**TRY IT**
Please restate each entry exactly, without skipping any.

**RAW DATA**

Lemma P2_eq0_at_ref_nodes (g : pt -> R) : isP2 g ->
  (forall n, g (ref_vertex n) = 0) ->
  (forall a b : 'I_4, (a < b)%N -> g (mid (ref_vertex a) (ref_vertex b)) = 0) ->
  forall y, g y = 0.
Proof.
move=> [a [b [c Hg]]] g_vert g_mid y.
have := g_vert ord0; have := g_vert (lift ord0 0);
have := g_vert (lift ord0 1); have := g_vert (lift ord0 2).
have := g_mid ord0 (lift ord0 0) isT; have := g_mid ord0 (lift ord0 1) isT;
have := g_mid ord0 (lift ord0 2) isT; have := g_mid (lift ord0 0) (lift ord0 1) isT;
have := g_mid (lift ord0 0) (lift ord0 2) isT; have := g_mid (lift ord0 1) (lift ord0 2) isT.
rewrite !Hg !sum3 !mxE /= => m23 m13 m12 m03 m02 m01 n3 n2 n1 n0.
(* [c] need not be symmetric: only [c i j + c j i] is determined. *)
have a0 : a = 0 by lra.
have b0 : b 0 = 0 by lra.
have b1 : b 1 = 0 by lra.
have b2 : b 2 = 0 by lra.
have c00 : c 0 0 = 0 by lra.
have c11 : c 1 1 = 0 by lra.
have c22 : c 2 2 = 0 by lra.
have c10 : c 1 0 = - c 0 1 by lra.
have c20 : c 2 0 = - c 0 2 by lra.
have c21 : c 2 1 = - c 1 2 by lra.
by rewrite a0 b0 b1 b2 c00 c11 c22 c10 c20 c21; ring.
Qed.

Lemma P2_eq0_at_nodes {v : 'I_4 -> pt} {p : pt -> R} :
  nondegenerate_tet v -> isP2 p ->
  (forall n, p (v n) = 0) ->
  (forall a b : 'I_4, (a < b)%N -> p (mid (v a) (v b)) = 0) ->
  forall x, p x = 0.
Proof.
move=> nd P2p p_vert p_mid x.
pose E := edge_matrix v.
have -> : x = v ord0 + ((x - v ord0) *m invmx E) *m E.
  by rewrite mulmxKV ?edge_matrix_unit // addrC subrK.
apply: (@P2_eq0_at_ref_nodes (fun y => p (v ord0 + y *m E))) => [|n|a b ab].
- exact: isP2_comp_affine.
- by rewrite -vertex_ref.
- by rewrite -mid_affine -!vertex_ref p_mid.
Qed.

Lemma P2_eq0_of_second_diff_face_avg {v : 'I_4 -> pt} {p : pt -> R} :
  nondegenerate_tet v -> isP2 p ->
  (forall a b : 'I_4, (a < b)%N -> second_diff p (v a) (v b) = 0) ->
  (forall m, face_avg v m p = 0) ->
  forall x, p x = 0.
Proof.
move=> nd P2p p_sd p_face.
have mid_avg_lt (a b : 'I_4) : (a < b)%N -> p (mid (v a) (v b)) = (p (v a) + p (v b)) / 2.
  by move=> ab; have := p_sd a b ab; rewrite /second_diff; lra.
have mid_avg (a b : 'I_4) : a != b -> p (mid (v a) (v b)) = (p (v a) + p (v b)) / 2.
  move=> neq_ab; case: (ltngtP a b) => [ab|ba|/val_inj eq_ab]; first exact: mid_avg_lt.
    by rewrite /mid addrC mid_avg_lt // addrC.
  by rewrite eq_ab eqxx in neq_ab.
have p_vert n : p (v n) = 0.
  apply: (eq0_of_sum_lift_eq0 (fun m => p (v m))) => m; have := p_face m.
  by rewrite face_avg_P2 // !mid_avg ?(inj_eq lift_inj) // sum3; lra.
apply: (P2_eq0_at_nodes nd P2p p_vert) => a b ab.
by rewrite mid_avg_lt // !p_vert; lra.
Qed.

(** * Barycentric coordinates and the edge bubble *)

Definition bary_ref (m : 'I_4) (y : pt) : R :=
  if unlift ord0 m is Some k then y ord0 k else 1 - \sum_(k < 3) y ord0 k.

Lemma bary_ref_vertex (m n : 'I_4) : bary_ref m (ref_vertex n) = (m == n)%:R.
Proof.
rewrite /bary_ref; case: (unliftP ord0 m) => [k ->|->]; first by rewrite mxE eq_sym.
under eq_bigr do rewrite mxE.
case: (unliftP ord0 n) => [k ->|->].
  rewrite (bigD1 k) //= eqxx big1 ?addr0 ?subrr ?(negbTE (neq_lift _ _)) //.
  by move=> l; rewrite (inj_eq lift_inj) eq_sym => /negbTE ->.
by rewrite big1 ?subr0 ?eqxx // => l _; rewrite (negbTE (neq_lift _ _)).
Qed.

Lemma isP1_bary_ref (m : 'I_4) : isP1 (bary_ref m).
Proof.
rewrite /bary_ref; case: (unlift ord0 m) => [k|].
  exists 0, (fun i => (i == k)%:R) => y.
  rewrite add0r (bigD1 k) //= eqxx mul1r big1 ?addr0 // => i /negbTE ->.
  by rewrite mul0r.
by exists 1, (fun _ => -1) => y; rewrite !sum3; ring.
Qed.

Definition bary (v : 'I_4 -> pt) (m : 'I_4) (x : pt) : R :=
  bary_ref m ((x - v ord0) *m invmx (edge_matrix v)).

Lemma isP1_bary v m : isP1 (bary v m).
Proof.
have := isP1_comp_affine (- (v ord0 *m invmx (edge_matrix v))) (invmx (edge_matrix v))
  (isP1_bary_ref m).
by congr isP1; apply/funext => x; rewrite /bary mulmxBl addrC.
Qed.

Lemma bary_vertex v (m n : 'I_4) : nondegenerate_tet v -> bary v m (v n) = (m == n)%:R.
Proof.
move=> nd; rewrite /bary (vertex_ref v n) addrAC subrr add0r.
by rewrite mulmxK ?edge_matrix_unit // bary_ref_vertex.
Qed.

(* [4 l_i l_j] vanishes at the vertices and has a nonzero second difference only
   along the edge [ij]; the affine correction makes all face averages vanish. *)
Definition edge_bubble (v : 'I_4 -> pt) (i j : 'I_4) (x : pt) : R :=
  4 * (bary v i x * bary v j x) - bary v i x - bary v j x + 1 / 3.

Lemma isP2_edge_bubble v i j : isP2 (edge_bubble v i j).
Proof.
apply: (isP2_ext (isP2_add (isP2_add (isP2_add
  (isP2_scale 4 (isP2_P1_mul (isP1_bary v i) (isP1_bary v j)))
  (isP2_scale (-1) (isP1_isP2 (isP1_bary v i))))
  (isP2_scale (-1) (isP1_isP2 (isP1_bary v j)))) (isP2_const (1 / 3)))).
by move=> x; rewrite /edge_bubble; ring.
Qed.

Lemma edge_bubble_vertex v (i j n : 'I_4) : nondegenerate_tet v ->
  edge_bubble v i j (v n) =
  4 * ((i == n)%:R * (j == n)%:R) - (i == n)%:R - (j == n)%:R + 1 / 3.
Proof. by move=> nd; rewrite /edge_bubble !bary_vertex. Qed.

Lemma edge_bubble_mid v (i j a b : 'I_4) : nondegenerate_tet v ->
  edge_bubble v i j (mid (v a) (v b)) =
  ((i == a)%:R + (i == b)%:R) * ((j == a)%:R + (j == b)%:R)
  - ((i == a)%:R + (i == b)%:R + (j == a)%:R + (j == b)%:R) / 2 + 1 / 3.
Proof.
move=> nd; rewrite /edge_bubble (isP1_mid _ _ (isP1_bary v i)).
by rewrite (isP1_mid _ _ (isP1_bary v j)) !bary_vertex //; field.
Qed.

Lemma edge_bubble_face_avg v (i j m : 'I_4) : nondegenerate_tet v -> (i < j)%N ->
  face_avg v m (edge_bubble v i j) = 0.
Proof.
move=> nd; rewrite face_avg_P2; last exact: isP2_edge_bubble.
rewrite !edge_bubble_mid //.
by case: m i j => [[|[|[|[|//]]]] ?] [[|[|[|[|//]]]] ?] [[|[|[|[|//]]]] ?] //= _; field.
Qed.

**ANSWER BOX**
Lemma P2_eq0_at_ref_nodes (g : pt -> R) : isP2 g ->
  (forall n, g (ref_vertex n) = 0) ->
  (forall a b : 'I_4, (a < b)%N -> g (mid (ref_vertex a) (ref_vertex b)) = 0) ->
  forall y, g y = 0.
Proof.
move=> [a [b [c Hg]]] g_vert g_mid y.
have := g_vert ord0; have := g_vert (lift ord0 0);
have := g_vert (lift ord0 1); have := g_vert (lift ord0 2).
have := g_mid ord0 (lift ord0 0) isT; have := g_mid ord0 (lift ord0 1) isT;
have := g_mid ord0 (lift ord0 2) isT; have := g_mid (lift ord0 0) (lift ord0 1) isT;
have := g_mid (lift ord0 0) (lift ord0 2) isT; have := g_mid (lift ord0 1) (lift ord0 2) isT.
rewrite !Hg !sum3 !mxE /= => m23 m13 m12 m03 m02 m01 n3 n2 n1 n0.
(* [c] need not be symmetric: only [c i j + c j i] is determined. *)
have a0 : a = 0 by lra.
have b0 : b 0 = 0 by lra.
have b1 : b 1 = 0 by lra.
have b2 : b 2 = 0 by lra.
have c00 : c 0 0 = 0 by lra.
have c11 : c 1 1 = 0 by lra.
have c22 : c 2 2 = 0 by lra.
have c10 : c 1 0 = - c 0 1 by lra.
have c20 : c 2 0 = - c 0 2 by lra.
have c21 : c 2 1 = - c 1 2 by lra.
by rewrite a0 b0 b1 b2 c00 c11 c22 c10 c20 c21; ring.
Qed.

Lemma P2_eq0_at_nodes {v : 'I_4 -> pt} {p : pt -> R} :
  nondegenerate_tet v -> isP2 p ->
  (forall n, p (v n) = 0) ->
  (forall a b : 'I_4, (a < b)%N -> p (mid (v a) (v b)) = 0) ->
  forall x, p x = 0.
Proof.
move=> nd P2p p_vert p_mid x.
pose E := edge_matrix v.
have -> : x = v ord0 + ((x - v ord0) *m invmx E) *m E.
  by rewrite mulmxKV ?edge_matrix_unit // addrC subrK.
apply: (@P2_eq0_at_ref_nodes (fun y => p (v ord0 + y *m E))) => [|n|a b ab].
- exact: isP2_comp_affine.
- by rewrite -vertex_ref.
- by rewrite -mid_affine -!vertex_ref p_mid.
Qed.

Lemma P2_eq0_of_second_diff_face_avg {v : 'I_4 -> pt} {p : pt -> R} :
  nondegenerate_tet v -> isP2 p ->
  (forall a b : 'I_4, (a < b)%N -> second_diff p (v a) (v b) = 0) ->
  (forall m, face_avg v m p = 0) ->
  forall x, p x = 0.
Proof.
move=> nd P2p p_sd p_face.
have mid_avg_lt (a b : 'I_4) : (a < b)%N -> p (mid (v a) (v b)) = (p (v a) + p (v b)) / 2.
  by move=> ab; have := p_sd a b ab; rewrite /second_diff; lra.
have mid_avg (a b : 'I_4) : a != b -> p (mid (v a) (v b)) = (p (v a) + p (v b)) / 2.
  move=> neq_ab; case: (ltngtP a b) => [ab|ba|/val_inj eq_ab]; first exact: mid_avg_lt.
    by rewrite /mid addrC mid_avg_lt // addrC.
  by rewrite eq_ab eqxx in neq_ab.
have p_vert n : p (v n) = 0.
  apply: (eq0_of_sum_lift_eq0 (fun m => p (v m))) => m; have := p_face m.
  by rewrite face_avg_P2 // !mid_avg ?(inj_eq lift_inj) // sum3; lra.
apply: (P2_eq0_at_nodes nd P2p p_vert) => a b ab.
by rewrite mid_avg_lt // !p_vert; lra.
Qed.

(** * Barycentric coordinates and the edge bubble *)

Definition bary_ref (m : 'I_4) (y : pt) : R :=
  if unlift ord0 m is Some k then y ord0 k else 1 - \sum_(k < 3) y ord0 k.

Lemma bary_ref_vertex (m n : 'I_4) : bary_ref m (ref_vertex n) = (m == n)%:R.
Proof.
rewrite /bary_ref; case: (unliftP ord0 m) => [k ->|->]; first by rewrite mxE eq_sym.
under eq_bigr do rewrite mxE.
case: (unliftP ord0 n) => [k ->|->].
  rewrite (bigD1 k) //= eqxx big1 ?addr0 ?subrr ?(negbTE (neq_lift _ _)) //.
  by move=> l; rewrite (inj_eq lift_inj) eq_sym => /negbTE ->.
by rewrite big1 ?subr0 ?eqxx // => l _; rewrite (negbTE (neq_lift _ _)).
Qed.

Lemma isP1_bary_ref (m : 'I_4) : isP1 (bary_ref m).
Proof.
rewrite /bary_ref; case: (unlift ord0 m) => [k|].
  exists 0, (fun i => (i == k)%:R) => y.
  rewrite add0r (bigD1 k) //= eqxx mul1r big1 ?addr0 // => i /negbTE ->.
  by rewrite mul0r.
by exists 1, (fun _ => -1) => y; rewrite !sum3; ring.
Qed.

Definition bary (v : 'I_4 -> pt) (m : 'I_4) (x : pt) : R :=
  bary_ref m ((x - v ord0) *m invmx (edge_matrix v)).

Lemma isP1_bary v m : isP1 (bary v m).
Proof.
have := isP1_comp_affine (- (v ord0 *m invmx (edge_matrix v))) (invmx (edge_matrix v))
  (isP1_bary_ref m).
by congr isP1; apply/funext => x; rewrite /bary mulmxBl addrC.
Qed.

Lemma bary_vertex v (m n : 'I_4) : nondegenerate_tet v -> bary v m (v n) = (m == n)%:R.
Proof.
move=> nd; rewrite /bary (vertex_ref v n) addrAC subrr add0r.
by rewrite mulmxK ?edge_matrix_unit // bary_ref_vertex.
Qed.

(* [4 l_i l_j] vanishes at the vertices and has a nonzero second difference only
   along the edge [ij]; the affine correction makes all face averages vanish. *)
Definition edge_bubble (v : 'I_4 -> pt) (i j : 'I_4) (x : pt) : R :=
  4 * (bary v i x * bary v j x) - bary v i x - bary v j x + 1 / 3.

Lemma isP2_edge_bubble v i j : isP2 (edge_bubble v i j).
Proof.
apply: (isP2_ext (isP2_add (isP2_add (isP2_add
  (isP2_scale 4 (isP2_P1_mul (isP1_bary v i) (isP1_bary v j)))
  (isP2_scale (-1) (isP1_isP2 (isP1_bary v i))))
  (isP2_scale (-1) (isP1_isP2 (isP1_bary v j)))) (isP2_const (1 / 3)))).
by move=> x; rewrite /edge_bubble; ring.
Qed.

Lemma edge_bubble_vertex v (i j n : 'I_4) : nondegenerate_tet v ->
  edge_bubble v i j (v n) =
  4 * ((i == n)%:R * (j == n)%:R) - (i == n)%:R - (j == n)%:R + 1 / 3.
Proof. by move=> nd; rewrite /edge_bubble !bary_vertex. Qed.

Lemma edge_bubble_mid v (i j a b : 'I_4) : nondegenerate_tet v ->
  edge_bubble v i j (mid (v a) (v b)) =
  ((i == a)%:R + (i == b)%:R) * ((j == a)%:R + (j == b)%:R)
  - ((i == a)%:R + (i == b)%:R + (j == a)%:R + (j == b)%:R) / 2 + 1 / 3.
Proof.
move=> nd; rewrite /edge_bubble (isP1_mid _ _ (isP1_bary v i)).
by rewrite (isP1_mid _ _ (isP1_bary v j)) !bary_vertex //; field.
Qed.

Lemma edge_bubble_face_avg v (i j m : 'I_4) : nondegenerate_tet v -> (i < j)%N ->
  face_avg v m (edge_bubble v i j) = 0.
Proof.
move=> nd; rewrite face_avg_P2; last exact: isP2_edge_bubble.
rewrite !edge_bubble_mid //.
by case: m i j => [[|[|[|[|//]]]] ?] [[|[|[|[|//]]]] ?] [[|[|[|[|//]]]] ?] //= _; field.
Qed.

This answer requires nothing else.